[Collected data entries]
Section SlopeCode.
Variables (M R : finType) (D S : R -> {set M}) (W' : {set M}) (F : fieldType).
Variable x : M -> F.
Hypotheses (HI : index_problem D S) (Hnc : ~~ has_rinternal_conflict D S W').
Hypothesis x_eq : forall a b, (x a == x b) = connect (ralign_edge D S W') a b.

Definition slope_code a : 'rV[F]_2 := \row_(l < 2) (if l == ord0 then 1 else x a).

Definition slope_functional (y : F) : 'cV[F]_2 :=
  \col_(l < 2) (if l == ord0 then - y else 1).

Lemma slope_code_mul a c y :
  (slope_code a *m (c *: slope_functional y)) ord0 ord0 = c * (x a - y).
Proof. by rewrite -scalemxAr !mxE big_ord_recl big_ord1 !mxE /=; ring. Qed.

Lemma rinterf_common_slope j k : rreceiver D W' j -> k \in rdemand D W' j ->
  exists2 y, x k != y & forall i, i \in rinterf D S W' k j -> x i = y.
Proof.
move=> rj kd; case: (set_0Vmem (rinterf D S W' k j)) => [noI|[i0 i0I]].
  exists (x k + 1) => [|i]; last by rewrite noI inE.
  by rewrite -subr_eq0 opprD addrA subrr add0r oppr_eq0 oner_eq0.
exists (x i0) => [|i iI].
  have kW : k \in W' by move: kd; rewrite inE => /andP[].
  have i0W : i0 \in W' by move: i0I; rewrite mem_rinterf // => /andP[].
  rewrite eq_sym x_eq; apply: contraNN Hnc => con; apply/existsP; exists i0.
  apply/existsP; exists k.
  by rewrite (rinterf_rconflict rj i0I) /same_ralign_set i0W kW con.
have [->//|ii0] := eqVneq i i0; apply/eqP; rewrite x_eq; apply: connect1.
exact: rinterf_ralign_edge rj iI i0I ii0.
Qed.

Lemma slope_code_valid : valid_rcode D S W' slope_code.
Proof.
move=> j rj k kd; have [y yk yI] := rinterf_common_slope rj kd.
have xky_neq0 : x k - y != 0 by rewrite subr_eq0.
apply: (rdecodable_functional (u := (x k - y)^-1 *: slope_functional y)
          kd (rdemand_notin_rside HI kd)).
- by rewrite slope_code_mul mulVf.
- by move=> i iI; rewrite slope_code_mul (yI i iI) subrr mulr0.
Qed.

End SlopeCode.

Definition enum_embed (T U : finType) (u0 : U) (t : T) : U := nth u0 (enum U) (enum_rank t).

Lemma enum_embed_inj (T U : finType) (u0 : U) :
  (#|T| <= #|U|)%N -> injective (@enum_embed T U u0).
Proof.
move=> le_TU a b; rewrite /enum_embed => /eqP.
have lt_rank (t : T) : (enum_rank t < size (enum U))%N.
  by rewrite -cardE; apply: leq_trans (ltn_ord _) le_TU.
by rewrite nth_uniq ?lt_rank ?enum_uniq // => /eqP /val_inj /enum_rank_inj.
Qed.

Theorem theorem5 (M R : finType) (D S : R -> {set M}) (W' : {set M}) :
  index_problem D S ->
  (has_rinternal_conflict D S W' ->
     forall (F : finFieldType) (V : M -> 'rV[F]_2), ~ valid_rcode D S W' V) /\
  (~~ has_rinternal_conflict D S W' ->
     exists N : nat, forall F : finFieldType, (N <= #|F|)%N ->
       exists V : M -> 'rV[F]_2, valid_rcode D S W' V).
Proof.
move=> HI; split.
  move=> conflict F V HV.
  by have := valid_rcode2_no_rinternal_conflict HI HV; rewrite conflict.
move=> Hnc; exists #|M| => F le_MF.
pose x a : F := enum_embed 0 (fingraph.root (ralign_edge D S W') a).
exists (slope_code x); apply: slope_code_valid HI Hnc _ => a b.
rewrite (inj_eq (enum_embed_inj le_MF)).
have esym := sym_connect_sym (@ralign_edge_sym _ _ D S W').
exact: sameP eqP (fingraph.rootP esym).
Qed.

### [Prompt]
Repeat all entries. Match them exactly.

### [Result of the task]
Section SlopeCode.
Variables (M R : finType) (D S : R -> {set M}) (W' : {set M}) (F : fieldType).
Variable x : M -> F.
Hypotheses (HI : index_problem D S) (Hnc : ~~ has_rinternal_conflict D S W').
Hypothesis x_eq : forall a b, (x a == x b) = connect (ralign_edge D S W') a b.

Definition slope_code a : 'rV[F]_2 := \row_(l < 2) (if l == ord0 then 1 else x a).

Definition slope_functional (y : F) : 'cV[F]_2 :=
  \col_(l < 2) (if l == ord0 then - y else 1).

Lemma slope_code_mul a c y :
  (slope_code a *m (c *: slope_functional y)) ord0 ord0 = c * (x a - y).
Proof. by rewrite -scalemxAr !mxE big_ord_recl big_ord1 !mxE /=; ring. Qed.

Lemma rinterf_common_slope j k : rreceiver D W' j -> k \in rdemand D W' j ->
  exists2 y, x k != y & forall i, i \in rinterf D S W' k j -> x i = y.
Proof.
move=> rj kd; case: (set_0Vmem (rinterf D S W' k j)) => [noI|[i0 i0I]].
  exists (x k + 1) => [|i]; last by rewrite noI inE.
  by rewrite -subr_eq0 opprD addrA subrr add0r oppr_eq0 oner_eq0.
exists (x i0) => [|i iI].
  have kW : k \in W' by move: kd; rewrite inE => /andP[].
  have i0W : i0 \in W' by move: i0I; rewrite mem_rinterf // => /andP[].
  rewrite eq_sym x_eq; apply: contraNN Hnc => con; apply/existsP; exists i0.
  apply/existsP; exists k.
  by rewrite (rinterf_rconflict rj i0I) /same_ralign_set i0W kW con.
have [->//|ii0] := eqVneq i i0; apply/eqP; rewrite x_eq; apply: connect1.
exact: rinterf_ralign_edge rj iI i0I ii0.
Qed.

Lemma slope_code_valid : valid_rcode D S W' slope_code.
Proof.
move=> j rj k kd; have [y yk yI] := rinterf_common_slope rj kd.
have xky_neq0 : x k - y != 0 by rewrite subr_eq0.
apply: (rdecodable_functional (u := (x k - y)^-1 *: slope_functional y)
          kd (rdemand_notin_rside HI kd)).
- by rewrite slope_code_mul mulVf.
- by move=> i iI; rewrite slope_code_mul (yI i iI) subrr mulr0.
Qed.

End SlopeCode.

Definition enum_embed (T U : finType) (u0 : U) (t : T) : U := nth u0 (enum U) (enum_rank t).

Lemma enum_embed_inj (T U : finType) (u0 : U) :
  (#|T| <= #|U|)%N -> injective (@enum_embed T U u0).
Proof.
move=> le_TU a b; rewrite /enum_embed => /eqP.
have lt_rank (t : T) : (enum_rank t < size (enum U))%N.
  by rewrite -cardE; apply: leq_trans (ltn_ord _) le_TU.
by rewrite nth_uniq ?lt_rank ?enum_uniq // => /eqP /val_inj /enum_rank_inj.
Qed.

Theorem theorem5 (M R : finType) (D S : R -> {set M}) (W' : {set M}) :
  index_problem D S ->
  (has_rinternal_conflict D S W' ->
     forall (F : finFieldType) (V : M -> 'rV[F]_2), ~ valid_rcode D S W' V) /\
  (~~ has_rinternal_conflict D S W' ->
     exists N : nat, forall F : finFieldType, (N <= #|F|)%N ->
       exists V : M -> 'rV[F]_2, valid_rcode D S W' V).
Proof.
move=> HI; split.
  move=> conflict F V HV.
  by have := valid_rcode2_no_rinternal_conflict HI HV; rewrite conflict.
move=> Hnc; exists #|M| => F le_MF.
pose x a : F := enum_embed 0 (fingraph.root (ralign_edge D S W') a).
exists (slope_code x); apply: slope_code_valid HI Hnc _ => a b.
rewrite (inj_eq (enum_embed_inj le_MF)).
have esym := sym_connect_sym (@ralign_edge_sym _ _ D S W').
exact: sameP eqP (fingraph.rootP esym).
Qed.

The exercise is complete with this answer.